Saved entries
==============================

(* Let $\mathcal T$ be the set of all finite strings of $0$'s and $1$'s (of length $\ge 1$), and for $\sigma=(\sigma_1,\dots,\sigma_{\ell(\sigma)})\in\mathcal T$ let $I(\sigma)=\left(\sum_{i=1}^{\ell(\sigma)}\sigma_i2^{-i},\;2^{-\ell(\sigma)}+\sum_{i=1}^{\ell(\sigma)}\sigma_i2^{-i}\right]$ and $d_\sigma=\mathbf 1_{I(\sigma)}$. Let $\Psi:\mathcal T\to\mathbb Z\setminus\{0\}$ be injective, let $d=\mathbf 1_{(0,1]}$, and for $\sigma\in\mathcal T$ let $f_\sigma=d_\sigma+\ell(\sigma)\cdot\mathbf 1_{(\Psi(\sigma),\Psi(\sigma)+1]}$. Then the subset $M=\{0,d\}\cup\{f_\sigma:\sigma\in\mathcal T\}$ of $L_1(-\infty,\infty)$, with the $L_1$ metric, is locally finite and admits no isometric embedding into $\ell_1$.
   Context: $\ell(\sigma)$ denotes the length of the string $\sigma$, and $\mathbf 1_I$ the indicator function of a set $I\subset\mathbb R$. A metric space is locally finite if every ball of finite radius in it has finite cardinality. *)

From Stdlib Require Import Reals List ZArith.
Open Scope R_scope.

(* Strings of 0/1 are lists of booleans; T = nonempty ones. *)
Definition bitR (b : bool) : R := if b then 1 else 0.

Fixpoint bsum (k : nat) (s : list bool) : R :=
  match s with
  | nil => 0
  | b :: t => bitR b * (/2) ^ (k + 1) + bsum (S k) t
  end.

Definition leftI (s : list bool) : R := bsum 0 s.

==============================

Every entry above needs to be copied exactly.

(* Let $\mathcal T$ be the set of all finite strings of $0$'s and $1$'s (of length $\ge 1$), and for $\sigma=(\sigma_1,\dots,\sigma_{\ell(\sigma)})\in\mathcal T$ let $I(\sigma)=\left(\sum_{i=1}^{\ell(\sigma)}\sigma_i2^{-i},\;2^{-\ell(\sigma)}+\sum_{i=1}^{\ell(\sigma)}\sigma_i2^{-i}\right]$ and $d_\sigma=\mathbf 1_{I(\sigma)}$. Let $\Psi:\mathcal T\to\mathbb Z\setminus\{0\}$ be injective, let $d=\mathbf 1_{(0,1]}$, and for $\sigma\in\mathcal T$ let $f_\sigma=d_\sigma+\ell(\sigma)\cdot\mathbf 1_{(\Psi(\sigma),\Psi(\sigma)+1]}$. Then the subset $M=\{0,d\}\cup\{f_\sigma:\sigma\in\mathcal T\}$ of $L_1(-\infty,\infty)$, with the $L_1$ metric, is locally finite and admits no isometric embedding into $\ell_1$.
   Context: $\ell(\sigma)$ denotes the length of the string $\sigma$, and $\mathbf 1_I$ the indicator function of a set $I\subset\mathbb R$. A metric space is locally finite if every ball of finite radius in it has finite cardinality. *)

From Stdlib Require Import Reals List ZArith.
Open Scope R_scope.

(* Strings of 0/1 are lists of booleans; T = nonempty ones. *)
Definition bitR (b : bool) : R := if b then 1 else 0.

Fixpoint bsum (k : nat) (s : list bool) : R :=
  match s with
  | nil => 0
  | b :: t => bitR b * (/2) ^ (k + 1) + bsum (S k) t
  end.

Definition leftI (s : list bool) : R := bsum 0 s.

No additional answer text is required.